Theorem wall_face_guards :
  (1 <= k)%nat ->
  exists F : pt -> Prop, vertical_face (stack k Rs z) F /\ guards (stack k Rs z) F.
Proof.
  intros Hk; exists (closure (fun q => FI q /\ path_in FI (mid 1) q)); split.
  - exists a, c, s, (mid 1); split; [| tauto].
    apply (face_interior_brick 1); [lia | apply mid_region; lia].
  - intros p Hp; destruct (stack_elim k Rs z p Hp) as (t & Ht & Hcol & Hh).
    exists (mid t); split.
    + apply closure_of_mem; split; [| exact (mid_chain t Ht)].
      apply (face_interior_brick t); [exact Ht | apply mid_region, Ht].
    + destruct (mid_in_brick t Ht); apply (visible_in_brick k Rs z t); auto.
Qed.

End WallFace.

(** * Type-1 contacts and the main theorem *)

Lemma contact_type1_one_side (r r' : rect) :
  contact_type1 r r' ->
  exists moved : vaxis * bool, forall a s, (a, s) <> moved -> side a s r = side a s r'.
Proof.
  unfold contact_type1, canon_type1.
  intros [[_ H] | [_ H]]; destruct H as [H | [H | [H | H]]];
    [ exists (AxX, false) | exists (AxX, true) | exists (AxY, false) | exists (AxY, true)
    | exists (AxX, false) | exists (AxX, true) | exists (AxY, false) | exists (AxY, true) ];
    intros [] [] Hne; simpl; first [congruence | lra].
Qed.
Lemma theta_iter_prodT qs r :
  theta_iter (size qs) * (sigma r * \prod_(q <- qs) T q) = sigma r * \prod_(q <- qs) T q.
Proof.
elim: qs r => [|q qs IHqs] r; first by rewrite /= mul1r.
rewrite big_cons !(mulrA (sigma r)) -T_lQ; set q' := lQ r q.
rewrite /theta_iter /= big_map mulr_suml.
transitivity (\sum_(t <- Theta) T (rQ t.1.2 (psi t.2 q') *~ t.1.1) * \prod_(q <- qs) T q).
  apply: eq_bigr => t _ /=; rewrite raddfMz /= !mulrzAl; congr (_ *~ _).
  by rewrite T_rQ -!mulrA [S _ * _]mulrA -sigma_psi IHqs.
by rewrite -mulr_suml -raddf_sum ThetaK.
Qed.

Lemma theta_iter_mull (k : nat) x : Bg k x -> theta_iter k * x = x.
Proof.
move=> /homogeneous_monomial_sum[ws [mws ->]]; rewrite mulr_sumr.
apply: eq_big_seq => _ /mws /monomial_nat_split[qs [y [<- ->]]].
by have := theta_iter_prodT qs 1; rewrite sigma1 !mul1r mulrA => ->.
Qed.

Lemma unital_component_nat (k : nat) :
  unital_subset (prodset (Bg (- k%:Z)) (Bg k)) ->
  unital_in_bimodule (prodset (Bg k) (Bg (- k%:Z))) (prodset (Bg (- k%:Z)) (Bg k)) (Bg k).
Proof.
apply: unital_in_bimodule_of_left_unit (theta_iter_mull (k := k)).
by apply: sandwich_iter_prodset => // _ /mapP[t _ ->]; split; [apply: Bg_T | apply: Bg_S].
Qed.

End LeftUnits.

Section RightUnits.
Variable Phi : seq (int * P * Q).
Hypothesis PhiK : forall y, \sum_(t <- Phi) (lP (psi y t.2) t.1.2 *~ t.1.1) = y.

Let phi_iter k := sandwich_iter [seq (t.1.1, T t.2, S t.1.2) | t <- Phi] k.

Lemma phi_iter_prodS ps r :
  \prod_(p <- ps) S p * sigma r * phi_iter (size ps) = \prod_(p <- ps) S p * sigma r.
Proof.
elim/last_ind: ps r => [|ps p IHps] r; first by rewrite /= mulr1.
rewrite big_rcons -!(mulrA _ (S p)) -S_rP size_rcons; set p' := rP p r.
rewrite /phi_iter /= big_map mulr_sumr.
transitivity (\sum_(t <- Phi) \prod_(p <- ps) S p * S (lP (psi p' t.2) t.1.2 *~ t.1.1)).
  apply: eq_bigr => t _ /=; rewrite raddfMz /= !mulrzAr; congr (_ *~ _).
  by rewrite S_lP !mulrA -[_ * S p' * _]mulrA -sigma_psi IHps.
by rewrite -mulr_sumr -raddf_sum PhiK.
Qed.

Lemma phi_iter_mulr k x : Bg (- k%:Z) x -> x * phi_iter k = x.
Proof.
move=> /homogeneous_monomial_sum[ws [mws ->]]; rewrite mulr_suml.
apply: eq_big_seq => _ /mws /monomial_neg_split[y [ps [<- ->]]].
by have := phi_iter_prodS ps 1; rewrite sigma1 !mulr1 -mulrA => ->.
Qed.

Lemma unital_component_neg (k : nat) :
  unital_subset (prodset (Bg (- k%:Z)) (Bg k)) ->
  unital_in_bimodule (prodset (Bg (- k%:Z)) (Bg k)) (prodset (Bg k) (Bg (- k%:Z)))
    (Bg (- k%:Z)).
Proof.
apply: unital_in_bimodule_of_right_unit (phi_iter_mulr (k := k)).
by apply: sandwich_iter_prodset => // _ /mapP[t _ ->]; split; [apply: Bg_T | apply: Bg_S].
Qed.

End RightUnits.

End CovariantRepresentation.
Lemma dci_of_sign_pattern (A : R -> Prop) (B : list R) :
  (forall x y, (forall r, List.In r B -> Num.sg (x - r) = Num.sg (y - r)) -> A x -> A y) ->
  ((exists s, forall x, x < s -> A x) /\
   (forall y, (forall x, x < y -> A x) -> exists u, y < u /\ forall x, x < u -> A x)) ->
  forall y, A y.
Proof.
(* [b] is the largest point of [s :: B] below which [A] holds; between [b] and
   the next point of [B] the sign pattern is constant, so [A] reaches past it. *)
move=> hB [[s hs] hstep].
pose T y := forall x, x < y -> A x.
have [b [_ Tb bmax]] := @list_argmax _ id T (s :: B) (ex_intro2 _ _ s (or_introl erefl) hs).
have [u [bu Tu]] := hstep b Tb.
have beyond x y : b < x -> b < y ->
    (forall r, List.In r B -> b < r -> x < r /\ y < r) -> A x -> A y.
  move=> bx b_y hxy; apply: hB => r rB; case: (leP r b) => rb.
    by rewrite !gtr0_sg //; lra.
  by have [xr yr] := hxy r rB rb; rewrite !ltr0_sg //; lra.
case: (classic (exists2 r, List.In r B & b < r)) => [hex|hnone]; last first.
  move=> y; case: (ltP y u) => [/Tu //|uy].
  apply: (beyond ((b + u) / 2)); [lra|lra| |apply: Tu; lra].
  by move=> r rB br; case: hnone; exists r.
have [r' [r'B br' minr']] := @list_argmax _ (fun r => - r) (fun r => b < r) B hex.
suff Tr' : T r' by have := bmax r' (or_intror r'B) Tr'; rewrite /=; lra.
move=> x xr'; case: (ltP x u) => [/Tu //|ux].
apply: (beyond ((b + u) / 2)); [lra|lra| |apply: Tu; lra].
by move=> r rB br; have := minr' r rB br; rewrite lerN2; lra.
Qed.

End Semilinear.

· · · · ·

Find the line with "p * sigma r." in the material above. Reproduce it and each line after it up to and including the line with "apply: eq_big_seq => _ /mws /monomial_neg_split[y".

▸ RESPONSE AREA:
  \prod_(p <- ps) S p * sigma r * phi_iter (size ps) = \prod_(p <- ps) S p * sigma r.
Proof.
elim/last_ind: ps r => [|ps p IHps] r; first by rewrite /= mulr1.
rewrite big_rcons -!(mulrA _ (S p)) -S_rP size_rcons; set p' := rP p r.
rewrite /phi_iter /= big_map mulr_sumr.
transitivity (\sum_(t <- Phi) \prod_(p <- ps) S p * S (lP (psi p' t.2) t.1.2 *~ t.1.1)).
  apply: eq_bigr => t _ /=; rewrite raddfMz /= !mulrzAr; congr (_ *~ _).
  by rewrite S_lP !mulrA -[_ * S p' * _]mulrA -sigma_psi IHps.
by rewrite -mulr_sumr -raddf_sum PhiK.
Qed.

Lemma phi_iter_mulr k x : Bg (- k%:Z) x -> x * phi_iter k = x.
Proof.
move=> /homogeneous_monomial_sum[ws [mws ->]]; rewrite mulr_suml.
apply: eq_big_seq => _ /mws /monomial_neg_split[y [ps [<- ->]]].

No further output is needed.